• [DESCRIPTION OF THE TASK] Transcribe the data below verbatim from the line with "by apply: le_lt_trans" to the line with "A) = upper_box_dim". Include both of those lines.

• [LISTED RECORDS]
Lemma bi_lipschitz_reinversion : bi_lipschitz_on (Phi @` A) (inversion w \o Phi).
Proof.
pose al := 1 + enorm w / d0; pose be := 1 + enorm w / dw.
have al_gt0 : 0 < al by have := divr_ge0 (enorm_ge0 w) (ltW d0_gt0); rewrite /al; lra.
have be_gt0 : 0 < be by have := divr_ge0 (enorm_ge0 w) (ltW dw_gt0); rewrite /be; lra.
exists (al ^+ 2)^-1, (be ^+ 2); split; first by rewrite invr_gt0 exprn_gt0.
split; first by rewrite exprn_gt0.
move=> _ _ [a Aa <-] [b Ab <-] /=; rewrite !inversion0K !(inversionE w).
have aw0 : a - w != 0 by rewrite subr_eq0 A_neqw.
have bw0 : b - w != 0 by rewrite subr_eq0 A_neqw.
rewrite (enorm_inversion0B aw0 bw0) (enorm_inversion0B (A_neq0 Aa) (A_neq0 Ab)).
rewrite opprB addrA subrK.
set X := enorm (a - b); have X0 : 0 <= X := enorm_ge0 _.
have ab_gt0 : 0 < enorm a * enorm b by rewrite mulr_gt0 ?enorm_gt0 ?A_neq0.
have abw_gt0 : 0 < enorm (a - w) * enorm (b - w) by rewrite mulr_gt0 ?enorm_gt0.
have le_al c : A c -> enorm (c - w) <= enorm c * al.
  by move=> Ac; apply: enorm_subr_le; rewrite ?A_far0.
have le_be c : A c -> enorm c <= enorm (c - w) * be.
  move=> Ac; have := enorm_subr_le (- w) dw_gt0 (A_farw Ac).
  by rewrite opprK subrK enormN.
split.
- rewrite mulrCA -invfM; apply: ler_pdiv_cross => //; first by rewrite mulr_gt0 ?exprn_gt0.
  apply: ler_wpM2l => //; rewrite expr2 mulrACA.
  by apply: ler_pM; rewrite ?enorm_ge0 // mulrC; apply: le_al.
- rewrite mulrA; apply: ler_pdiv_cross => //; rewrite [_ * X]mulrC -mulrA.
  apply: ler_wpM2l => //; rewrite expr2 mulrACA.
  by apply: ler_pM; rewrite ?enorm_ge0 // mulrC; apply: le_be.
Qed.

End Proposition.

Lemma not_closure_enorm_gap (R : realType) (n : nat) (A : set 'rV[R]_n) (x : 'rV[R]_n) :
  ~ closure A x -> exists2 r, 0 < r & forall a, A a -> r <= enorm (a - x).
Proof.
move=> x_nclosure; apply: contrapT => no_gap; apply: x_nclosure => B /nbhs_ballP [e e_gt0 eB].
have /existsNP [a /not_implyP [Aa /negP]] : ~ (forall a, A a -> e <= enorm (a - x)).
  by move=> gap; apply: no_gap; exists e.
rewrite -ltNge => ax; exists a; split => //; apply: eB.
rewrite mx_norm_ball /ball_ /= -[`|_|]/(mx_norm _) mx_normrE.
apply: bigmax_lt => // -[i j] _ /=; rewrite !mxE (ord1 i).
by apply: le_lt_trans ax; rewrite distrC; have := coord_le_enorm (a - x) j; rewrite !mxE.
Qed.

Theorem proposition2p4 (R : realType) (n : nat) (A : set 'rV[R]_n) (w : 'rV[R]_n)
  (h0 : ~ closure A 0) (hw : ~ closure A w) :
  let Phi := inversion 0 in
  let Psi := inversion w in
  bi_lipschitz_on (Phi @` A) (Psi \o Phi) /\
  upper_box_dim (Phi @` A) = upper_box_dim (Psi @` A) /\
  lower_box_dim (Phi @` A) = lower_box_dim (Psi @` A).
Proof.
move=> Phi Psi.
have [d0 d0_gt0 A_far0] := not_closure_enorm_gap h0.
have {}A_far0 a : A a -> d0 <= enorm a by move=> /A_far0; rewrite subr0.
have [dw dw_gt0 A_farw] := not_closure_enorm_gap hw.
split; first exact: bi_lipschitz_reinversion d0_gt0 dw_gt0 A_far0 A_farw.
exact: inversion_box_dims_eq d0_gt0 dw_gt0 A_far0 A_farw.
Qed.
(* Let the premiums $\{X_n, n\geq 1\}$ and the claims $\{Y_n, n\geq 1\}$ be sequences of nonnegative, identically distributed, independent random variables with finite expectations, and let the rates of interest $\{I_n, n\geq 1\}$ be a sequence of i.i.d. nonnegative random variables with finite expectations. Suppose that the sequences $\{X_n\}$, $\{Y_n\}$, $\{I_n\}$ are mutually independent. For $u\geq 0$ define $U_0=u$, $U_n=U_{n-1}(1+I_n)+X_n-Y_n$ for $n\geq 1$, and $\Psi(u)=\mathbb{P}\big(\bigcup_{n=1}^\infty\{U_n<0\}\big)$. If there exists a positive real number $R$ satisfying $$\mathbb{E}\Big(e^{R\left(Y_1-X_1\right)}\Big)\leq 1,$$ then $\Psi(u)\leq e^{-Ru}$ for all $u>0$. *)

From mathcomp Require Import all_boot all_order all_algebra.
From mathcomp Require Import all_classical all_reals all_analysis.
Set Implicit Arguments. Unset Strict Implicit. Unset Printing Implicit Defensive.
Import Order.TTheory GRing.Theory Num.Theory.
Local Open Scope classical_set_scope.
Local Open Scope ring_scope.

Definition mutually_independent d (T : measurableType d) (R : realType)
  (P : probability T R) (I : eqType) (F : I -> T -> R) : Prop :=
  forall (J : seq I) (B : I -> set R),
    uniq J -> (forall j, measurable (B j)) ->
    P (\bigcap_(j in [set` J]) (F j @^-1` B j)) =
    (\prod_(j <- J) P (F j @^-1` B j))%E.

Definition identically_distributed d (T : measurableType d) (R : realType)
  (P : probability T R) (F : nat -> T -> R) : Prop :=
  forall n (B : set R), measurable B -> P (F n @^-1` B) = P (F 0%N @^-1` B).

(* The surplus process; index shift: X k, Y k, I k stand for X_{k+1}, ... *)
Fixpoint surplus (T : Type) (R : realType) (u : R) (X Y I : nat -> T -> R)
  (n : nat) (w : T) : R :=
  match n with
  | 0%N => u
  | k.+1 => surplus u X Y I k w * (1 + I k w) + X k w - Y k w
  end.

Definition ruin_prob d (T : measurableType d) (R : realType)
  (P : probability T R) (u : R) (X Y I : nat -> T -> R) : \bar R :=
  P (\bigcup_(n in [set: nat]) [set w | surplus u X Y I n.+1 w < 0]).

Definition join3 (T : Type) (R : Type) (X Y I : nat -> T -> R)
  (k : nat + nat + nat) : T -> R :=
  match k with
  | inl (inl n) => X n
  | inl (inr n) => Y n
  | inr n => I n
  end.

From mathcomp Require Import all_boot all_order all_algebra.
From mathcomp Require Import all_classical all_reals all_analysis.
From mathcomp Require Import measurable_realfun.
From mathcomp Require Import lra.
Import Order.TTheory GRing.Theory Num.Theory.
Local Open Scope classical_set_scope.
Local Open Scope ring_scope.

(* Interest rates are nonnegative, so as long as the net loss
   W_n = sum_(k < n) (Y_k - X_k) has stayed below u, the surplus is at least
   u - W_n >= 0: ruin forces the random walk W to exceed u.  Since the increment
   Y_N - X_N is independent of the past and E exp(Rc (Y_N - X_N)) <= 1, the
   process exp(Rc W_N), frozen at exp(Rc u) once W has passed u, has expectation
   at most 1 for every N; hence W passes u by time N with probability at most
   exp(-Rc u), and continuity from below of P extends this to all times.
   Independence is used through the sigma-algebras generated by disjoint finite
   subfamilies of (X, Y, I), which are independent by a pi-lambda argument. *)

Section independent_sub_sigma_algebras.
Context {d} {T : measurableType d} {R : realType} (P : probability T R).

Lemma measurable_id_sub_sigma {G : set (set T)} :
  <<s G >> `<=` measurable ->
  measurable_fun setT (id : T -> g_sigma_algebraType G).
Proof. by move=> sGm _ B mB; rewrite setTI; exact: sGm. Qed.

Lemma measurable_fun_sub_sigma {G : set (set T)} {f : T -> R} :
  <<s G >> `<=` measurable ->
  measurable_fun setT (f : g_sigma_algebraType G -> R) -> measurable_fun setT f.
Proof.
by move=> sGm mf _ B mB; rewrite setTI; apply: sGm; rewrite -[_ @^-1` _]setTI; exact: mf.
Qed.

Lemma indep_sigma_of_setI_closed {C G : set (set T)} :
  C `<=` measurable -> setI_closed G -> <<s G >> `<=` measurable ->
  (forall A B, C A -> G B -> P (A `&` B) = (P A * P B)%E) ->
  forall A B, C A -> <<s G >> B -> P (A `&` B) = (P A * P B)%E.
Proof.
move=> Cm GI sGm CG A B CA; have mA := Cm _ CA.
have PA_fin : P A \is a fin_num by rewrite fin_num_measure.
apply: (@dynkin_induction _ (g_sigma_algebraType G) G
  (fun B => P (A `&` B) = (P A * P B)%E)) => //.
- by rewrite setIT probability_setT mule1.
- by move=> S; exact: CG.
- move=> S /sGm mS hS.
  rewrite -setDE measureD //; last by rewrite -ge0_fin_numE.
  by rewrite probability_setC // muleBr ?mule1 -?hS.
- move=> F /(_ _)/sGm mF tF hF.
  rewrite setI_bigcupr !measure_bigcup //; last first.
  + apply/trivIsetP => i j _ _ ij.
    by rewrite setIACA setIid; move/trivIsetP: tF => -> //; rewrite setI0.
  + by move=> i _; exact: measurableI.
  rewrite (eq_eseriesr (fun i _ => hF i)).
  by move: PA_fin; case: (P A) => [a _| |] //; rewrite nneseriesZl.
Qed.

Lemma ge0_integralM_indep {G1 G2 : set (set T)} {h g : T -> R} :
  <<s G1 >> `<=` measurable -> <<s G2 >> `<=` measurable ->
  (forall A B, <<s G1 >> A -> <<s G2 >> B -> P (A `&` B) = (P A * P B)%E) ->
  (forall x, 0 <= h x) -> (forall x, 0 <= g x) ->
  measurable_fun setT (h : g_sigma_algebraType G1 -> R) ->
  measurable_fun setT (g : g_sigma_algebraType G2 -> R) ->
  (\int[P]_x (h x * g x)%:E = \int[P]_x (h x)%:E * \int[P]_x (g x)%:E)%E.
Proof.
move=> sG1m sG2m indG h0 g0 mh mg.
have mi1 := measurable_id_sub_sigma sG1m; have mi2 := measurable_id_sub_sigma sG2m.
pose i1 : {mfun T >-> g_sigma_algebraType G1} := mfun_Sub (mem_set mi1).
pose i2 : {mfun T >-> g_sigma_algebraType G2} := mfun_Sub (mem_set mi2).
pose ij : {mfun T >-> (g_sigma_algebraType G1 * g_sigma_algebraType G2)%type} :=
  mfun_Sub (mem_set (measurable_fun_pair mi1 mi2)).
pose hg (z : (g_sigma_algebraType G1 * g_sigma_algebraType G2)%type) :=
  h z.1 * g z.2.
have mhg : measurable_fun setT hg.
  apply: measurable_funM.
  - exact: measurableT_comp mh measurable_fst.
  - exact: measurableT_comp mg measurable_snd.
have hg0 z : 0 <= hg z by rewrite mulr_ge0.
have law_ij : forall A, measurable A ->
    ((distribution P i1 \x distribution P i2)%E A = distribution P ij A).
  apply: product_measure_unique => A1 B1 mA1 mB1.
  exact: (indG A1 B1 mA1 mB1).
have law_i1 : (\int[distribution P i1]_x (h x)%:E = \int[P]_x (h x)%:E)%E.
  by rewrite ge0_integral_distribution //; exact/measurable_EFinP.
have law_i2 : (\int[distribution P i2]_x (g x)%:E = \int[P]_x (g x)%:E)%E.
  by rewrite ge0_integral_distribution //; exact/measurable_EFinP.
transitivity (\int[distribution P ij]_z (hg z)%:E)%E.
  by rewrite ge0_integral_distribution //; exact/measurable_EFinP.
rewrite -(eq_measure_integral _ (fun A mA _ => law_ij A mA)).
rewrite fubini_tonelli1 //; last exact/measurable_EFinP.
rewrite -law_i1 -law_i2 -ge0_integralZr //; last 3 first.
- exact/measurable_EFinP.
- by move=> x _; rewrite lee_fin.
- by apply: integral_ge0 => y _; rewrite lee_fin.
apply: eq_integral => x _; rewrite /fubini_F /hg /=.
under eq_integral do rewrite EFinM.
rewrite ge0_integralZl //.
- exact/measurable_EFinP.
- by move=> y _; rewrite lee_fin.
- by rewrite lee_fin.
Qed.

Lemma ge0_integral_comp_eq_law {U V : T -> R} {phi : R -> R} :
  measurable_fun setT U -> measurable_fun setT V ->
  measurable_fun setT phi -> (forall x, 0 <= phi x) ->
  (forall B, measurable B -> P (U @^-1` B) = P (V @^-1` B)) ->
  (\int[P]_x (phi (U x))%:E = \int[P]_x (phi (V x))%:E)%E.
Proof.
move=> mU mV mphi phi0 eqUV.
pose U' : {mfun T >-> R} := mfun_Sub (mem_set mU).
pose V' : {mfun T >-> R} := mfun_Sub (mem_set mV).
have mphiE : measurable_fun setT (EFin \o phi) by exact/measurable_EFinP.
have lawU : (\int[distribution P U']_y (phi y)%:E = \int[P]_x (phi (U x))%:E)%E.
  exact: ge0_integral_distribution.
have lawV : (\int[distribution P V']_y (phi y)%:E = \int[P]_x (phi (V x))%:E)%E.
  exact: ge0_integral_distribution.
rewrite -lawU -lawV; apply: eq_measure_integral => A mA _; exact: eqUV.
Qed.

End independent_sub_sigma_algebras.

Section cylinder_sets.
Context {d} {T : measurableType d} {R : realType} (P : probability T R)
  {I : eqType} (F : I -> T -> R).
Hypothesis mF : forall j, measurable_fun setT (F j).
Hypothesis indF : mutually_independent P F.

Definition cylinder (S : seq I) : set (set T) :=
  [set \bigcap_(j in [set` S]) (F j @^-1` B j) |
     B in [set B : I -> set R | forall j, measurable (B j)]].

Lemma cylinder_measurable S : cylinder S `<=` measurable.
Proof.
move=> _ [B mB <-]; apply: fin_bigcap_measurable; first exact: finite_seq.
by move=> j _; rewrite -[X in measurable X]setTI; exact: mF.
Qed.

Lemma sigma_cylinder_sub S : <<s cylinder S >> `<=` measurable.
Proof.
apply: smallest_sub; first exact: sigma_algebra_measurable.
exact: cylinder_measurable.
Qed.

--

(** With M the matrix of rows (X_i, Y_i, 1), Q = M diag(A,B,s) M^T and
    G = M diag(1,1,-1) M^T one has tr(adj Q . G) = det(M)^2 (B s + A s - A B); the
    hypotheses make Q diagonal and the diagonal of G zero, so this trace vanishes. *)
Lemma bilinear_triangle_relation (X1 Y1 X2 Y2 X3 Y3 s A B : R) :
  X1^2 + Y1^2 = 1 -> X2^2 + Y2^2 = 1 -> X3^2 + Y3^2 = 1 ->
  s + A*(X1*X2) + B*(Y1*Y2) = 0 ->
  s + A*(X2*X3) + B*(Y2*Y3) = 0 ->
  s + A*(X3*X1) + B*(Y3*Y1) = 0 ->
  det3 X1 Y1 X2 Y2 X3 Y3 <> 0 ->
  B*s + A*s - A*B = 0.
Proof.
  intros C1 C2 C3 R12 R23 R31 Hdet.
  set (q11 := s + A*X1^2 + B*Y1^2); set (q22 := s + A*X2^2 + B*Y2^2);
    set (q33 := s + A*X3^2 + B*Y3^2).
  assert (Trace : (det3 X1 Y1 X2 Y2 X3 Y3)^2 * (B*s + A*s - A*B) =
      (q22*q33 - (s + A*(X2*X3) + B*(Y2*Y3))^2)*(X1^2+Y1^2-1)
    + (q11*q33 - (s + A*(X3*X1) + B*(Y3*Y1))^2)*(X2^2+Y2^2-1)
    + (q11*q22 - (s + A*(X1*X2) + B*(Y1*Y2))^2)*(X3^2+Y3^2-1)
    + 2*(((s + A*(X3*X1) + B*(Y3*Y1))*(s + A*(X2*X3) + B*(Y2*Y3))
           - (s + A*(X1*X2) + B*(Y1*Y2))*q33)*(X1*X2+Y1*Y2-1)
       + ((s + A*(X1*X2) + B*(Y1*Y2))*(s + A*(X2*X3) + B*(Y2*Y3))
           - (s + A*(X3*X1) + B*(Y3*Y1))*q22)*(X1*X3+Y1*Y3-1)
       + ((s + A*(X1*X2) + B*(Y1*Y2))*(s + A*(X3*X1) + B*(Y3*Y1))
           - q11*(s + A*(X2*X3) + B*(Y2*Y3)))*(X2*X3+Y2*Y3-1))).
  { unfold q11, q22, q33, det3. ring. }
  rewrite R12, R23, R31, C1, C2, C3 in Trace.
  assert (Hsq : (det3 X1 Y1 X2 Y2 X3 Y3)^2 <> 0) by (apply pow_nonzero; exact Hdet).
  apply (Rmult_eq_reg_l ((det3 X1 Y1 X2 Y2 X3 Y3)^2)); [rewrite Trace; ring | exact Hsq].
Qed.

• [YOUR RESPONSE]
by apply: le_lt_trans ax; rewrite distrC; have := coord_le_enorm (a - x) j; rewrite !mxE.
Qed.

Theorem proposition2p4 (R : realType) (n : nat) (A : set 'rV[R]_n) (w : 'rV[R]_n)
  (h0 : ~ closure A 0) (hw : ~ closure A w) :
  let Phi := inversion 0 in
  let Psi := inversion w in
  bi_lipschitz_on (Phi @` A) (Psi \o Phi) /\
  upper_box_dim (Phi @` A) = upper_box_dim (Psi @` A) /\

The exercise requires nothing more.